[Stored items from a collection]
Section Dirichlet.
Variables (R : realType) (n k : nat) (B : 'M[R]_n).
Hypothesis hB : adj_ok B.

Definition scaled_col (Phi : 'M[R]_(n, k)) j p := dinvsqrt B p * Phi p j.

Lemma dirichlet_identity (Phi : 'M[R]_(n, k)) j : Phi^T *m Phi = 1%:M ->
  \sum_p \sum_q B p q * (scaled_col Phi j p - scaled_col Phi j q) ^+ 2 =
  2 * (1 - (Phi^T *m normadj B *m Phi) j j).
Proof.
move=> PhiPhi; set f := scaled_col Phi j.
have cross : (Phi^T *m normadj B *m Phi) j j = \sum_p \sum_q B p q * (f p * f q).
  rewrite mxE exchange_big /=; apply: eq_bigr => q _; rewrite mxE mulr_suml.
  by apply: eq_bigr => p _; rewrite normadjE mxE /f /scaled_col; ring.
have unit : \sum_p \sum_q B p q * f p ^+ 2 = 1.
  rewrite -(orthonormal_col j PhiPhi); apply: eq_bigr => p _.
  rewrite -mulr_suml -degE /f /scaled_col exprMn mulrA [deg B p * _]mulrC.
  by rewrite dinvsqrt_sqr_deg // mul1r.
have swap : \sum_p \sum_q B p q * f q ^+ 2 = \sum_p \sum_q B p q * f p ^+ 2.
  rewrite exchange_big /=; apply: eq_bigr => p _; apply: eq_bigr => q _.
  by rewrite (adj_sym hB).
have expand : \sum_p \sum_q B p q * (f p - f q) ^+ 2 =
   \sum_p \sum_q B p q * f p ^+ 2 + \sum_p \sum_q B p q * f q ^+ 2
   - 2 * \sum_p \sum_q B p q * (f p * f q).
  rewrite mulr_sumr -big_split -sumrB /=; apply: eq_bigr => p _.
  by rewrite mulr_sumr -big_split -sumrB /=; apply: eq_bigr => q _; ring.
by rewrite expand swap cross unit; ring.
Qed.

Lemma edge_energy_le (Phi : 'M[R]_(n, k)) j p q : Phi^T *m Phi = 1%:M ->
  B p q * (scaled_col Phi j p - scaled_col Phi j q) ^+ 2 <= 2 * phicut (normadj B) Phi.
Proof.
move=> PhiPhi; set F := fun a b => B a b * (scaled_col Phi j a - scaled_col Phi j b) ^+ 2.
have F_ge0 a b : 0 <= F a b by rewrite mulr_ge0 ?adj_ge0 ?sqr_ge0.
have diag_le : 1 - (Phi^T *m normadj B *m Phi) j j <= phicut (normadj B) Phi.
  by have := frob_diag (1%:M - Phi^T *m normadj B *m Phi) j; rewrite !mxE eqxx.
have : F p q <= \sum_a \sum_b F a b.
  rewrite (bigD1 p) //= (bigD1 q) //= -addrA lerDl.
  by rewrite addr_ge0 ?sumr_ge0 // => a _; rewrite sumr_ge0.
by rewrite /F dirichlet_identity //; lra.
Qed.

Lemma edge_jump_le (Phi : 'M[R]_(n, k)) j u v (w eta : R) : Phi^T *m Phi = 1%:M ->
  0 < w -> w <= B u v -> 0 < eta -> phicut (normadj B) Phi < w * eta ^+ 2 / 2 ->
  `|scaled_col Phi j u - scaled_col Phi j v| <= eta.
Proof.
move=> PhiPhi w_gt0 w_le eta_gt0 cut_lt.
have := edge_energy_le j u v PhiPhi; set D := _ - _ => energy.
have : B u v * D ^+ 2 < B u v * eta ^+ 2.
  apply: le_lt_trans energy _; apply: lt_le_trans (ler_wpM2r (sqr_ge0 _) w_le).
  by move: cut_lt; lra.
rewrite ltr_pM2l ?(lt_le_trans w_gt0) // -real_normK ?num_real //.
by rewrite ltr_sqr ?nnegrE ?normr_ge0 ?(ltW eta_gt0) // => /ltW.
Qed.

Lemma path_variation (f : 'I_n -> R) eta :
  (forall u v, edge B u v -> `|f u - f v| <= eta) ->
  forall x s, path (edge B) x s -> `|f x - f (last x s)| <= (size s)%:R * eta.
Proof.
move=> f_edge x s; elim: s x => [|y s IH] x /=; first by rewrite subrr normr0 mul0r.
case/andP=> xy ys; have := f_edge _ _ xy; have := IH _ ys.
have := ler_distD (f y) (f x) (f (last y s)).
rewrite -addn1 natrD mulrDl mul1r; lra.
Qed.

(* k functions with small jumps along edges, each peaking (above n * eta) at
   a node where all the others vanish, force k distinct components: the
   peaks cannot be joined by a simple path, which has fewer than n edges. *)
Lemma separated_peaks (f : 'I_k -> 'I_n -> R) (x : 'I_k -> 'I_n) eta :
  0 < eta ->
  (forall j u v, edge B u v -> `|f j u - f j v| <= eta) ->
  (forall i j, i != j -> f i (x j) = 0) ->
  (forall j, n%:R * eta <= f j (x j)) ->
  partitionable B k.
Proof.
move=> eta_gt0 f_edge f_zero f_peak.
have root_inj : injective (fun j => fingraph.root (edge B) (x j)).
  move=> i j /= same_root; apply/eqP/negPn/negP => ij.
  move/(fingraph.rootP (edge_connect_sym hB))/connectP: same_root => [s s_path s_last].
  case: (shortenP s_path) s_last => s' s'_path s'_uniq _ s'_last {s s_path}.
  have s'_lt : (size s' < n)%N.
    have := max_card (mem (x i :: s')); rewrite card_ord.
    by move/card_uniqP: s'_uniq => -> /=.
  have := path_variation (f_edge i) s'_path; rewrite -s'_last (f_zero i j ij) subr0.
  move: s'_lt; rewrite -(ler_nat R) => /(ler_wpM2r (ltW eta_gt0)).
  have := f_peak i; rewrite -addn1 natrD mulrDl mul1r.
  have := ler_norm (f i (x i)); lra.
have := card_image root_inj (mem predT); rewrite card_ord /partitionable => <-.
rewrite /n_comp_mem; apply: subset_leq_card; apply/fintype.subsetP => y /mapP[j _ ->].
by rewrite !inE /= fingraph.roots_root //; exact: edge_connect_sym.
Qed.

End Dirichlet.

Section SmallCut.
Variables (R : realType) (n k : nat) (B : 'M[R]_n).
Hypothesis hB : adj_ok B.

EXERCISE >> When the word "case" occurs in a line above, list that line.

RESPONSE AREA >>
case/andP=> xy ys; have := f_edge _ _ xy; have := IH _ ys.
  case: (shortenP s_path) s_last => s' s'_path s'_uniq _ s'_last {s s_path}.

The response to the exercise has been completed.